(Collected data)
Lemma colorable_arc2_prod (T U : finType) (a : rel T) (b : rel U) c :
  4 <= c -> colorable (underlying (prodrel a b)) c ->
  colorable (underlying (prodrel (arc2 a) (arc2 b))) c.-1.
Proof.
move=> le4c /(colorable_arc2 le4c) col_arc2.
pose h := arc_map (@prod_arc_hom _ _ a b) \o @prod_arc _ _ (arcrel a) (arcrel b).
apply: (colorable_hom (h := h) _ col_arc2); apply: underlying_hom => u v.
move=> /(@prod_arc_hom _ _ (arcrel a) (arcrel b)).
exact: arc_map_hom.
Qed.

Lemma colorable_arc2_prod_rev (T U : finType) (a : rel T) (b : rel U) c :
  4 <= c -> colorable (underlying (prodrel a (revrel b))) c ->
  colorable (underlying (prodrel (arc2 a) (revrel (arc2 b)))) c.-1.
Proof.
move=> le4c /(colorable_arc2 le4c) col_arc2.
pose h := arc_map (@prod_rev_arc_hom _ _ a b) \o @prod_rev_arc _ _ (arcrel a) (arcrel b).
apply: (colorable_hom (h := h) _ col_arc2); apply: underlying_hom => u v.
move=> /(@prod_rev_arc_hom _ _ (arcrel a) (arcrel b)).
exact: arc_map_hom.
Qed.

Definition three_colorable_reduct (n c : nat) (T U : finType) (a : rel T) (b : rel U) :=
  exists (T' U' : finType) (a' : rel T') (b' : rel U'),
    [/\ is_digraph a', is_digraph b', n <= chiD a', n <= chiD b' &
        (colorable (underlying (prodrel a b)) c ->
           colorable (underlying (prodrel a' b')) 3) /\
        (colorable (underlying (prodrel a (revrel b))) c ->
           colorable (underlying (prodrel a' (revrel b'))) 3)].

Lemma three_colorable_reduct_refl n c (T U : finType) (a : rel T) (b : rel U) :
  c <= 3 -> is_digraph a -> is_digraph b -> n <= chiD a -> n <= chiD b ->
  three_colorable_reduct n c a b.
Proof.
by move=> lec3 Ha Hb lena lenb; exists T, U, a, b; split=> //; split=> /colorable_widen; apply.
Qed.

Lemma three_colorable_reduct_arc2 n c (T U : finType) (a : rel T) (b : rel U) :
  4 <= c -> three_colorable_reduct n c.-1 (arc2 a) (arc2 b) ->
  three_colorable_reduct n c a b.
Proof.
move=> le4c [T' [U' [a' [b' [Ha' Hb' lena' lenb' [col_prod col_prod_rev]]]]]].
exists T', U', a', b'; split=> //; split=> col.
- exact/col_prod/colorable_arc2_prod.
- exact/col_prod_rev/colorable_arc2_prod_rev.
Qed.

Lemma exists_three_colorable_reduct n c : exists M,
  forall (T U : finType) (a : rel T) (b : rel U),
    is_digraph a -> is_digraph b -> M <= chiD a -> M <= chiD b ->
    three_colorable_reduct n c a b.
Proof.
elim: c => [|c [M IH]]; first by exists n => *; apply: three_colorable_reduct_refl.
case: (leqP c.+1 3) => [lec3 | lt3c].
  by exists n => *; apply: three_colorable_reduct_refl.
exists (2 ^ 2 ^ M) => T U a b Ha Hb leMa leMb.
apply: three_colorable_reduct_arc2 => //.
by apply: IH; first [exact: arc2_digraph | exact: chiD_arc2_lb].
Qed.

- **Work to complete**
When you reach the line with "colorable (underlying (prodrel (arc2 a) (revrel" in the records above, start writing out lines exactly, and stop once the line with "move=> le4c [T'" has been written; include nothing else.

- **Solution**
  colorable (underlying (prodrel (arc2 a) (revrel (arc2 b)))) c.-1.
Proof.
move=> le4c /(colorable_arc2 le4c) col_arc2.
pose h := arc_map (@prod_rev_arc_hom _ _ a b) \o @prod_rev_arc _ _ (arcrel a) (arcrel b).
apply: (colorable_hom (h := h) _ col_arc2); apply: underlying_hom => u v.
move=> /(@prod_rev_arc_hom _ _ (arcrel a) (arcrel b)).
exact: arc_map_hom.
Qed.

Definition three_colorable_reduct (n c : nat) (T U : finType) (a : rel T) (b : rel U) :=
  exists (T' U' : finType) (a' : rel T') (b' : rel U'),
    [/\ is_digraph a', is_digraph b', n <= chiD a', n <= chiD b' &
        (colorable (underlying (prodrel a b)) c ->
           colorable (underlying (prodrel a' b')) 3) /\
        (colorable (underlying (prodrel a (revrel b))) c ->
           colorable (underlying (prodrel a' (revrel b'))) 3)].

Lemma three_colorable_reduct_refl n c (T U : finType) (a : rel T) (b : rel U) :
  c <= 3 -> is_digraph a -> is_digraph b -> n <= chiD a -> n <= chiD b ->
  three_colorable_reduct n c a b.
Proof.
by move=> lec3 Ha Hb lena lenb; exists T, U, a, b; split=> //; split=> /colorable_widen; apply.
Qed.

Lemma three_colorable_reduct_arc2 n c (T U : finType) (a : rel T) (b : rel U) :
  4 <= c -> three_colorable_reduct n c.-1 (arc2 a) (arc2 b) ->
  three_colorable_reduct n c a b.
Proof.
move=> le4c [T' [U' [a' [b' [Ha' Hb' lena' lenb' [col_prod col_prod_rev]]]]]].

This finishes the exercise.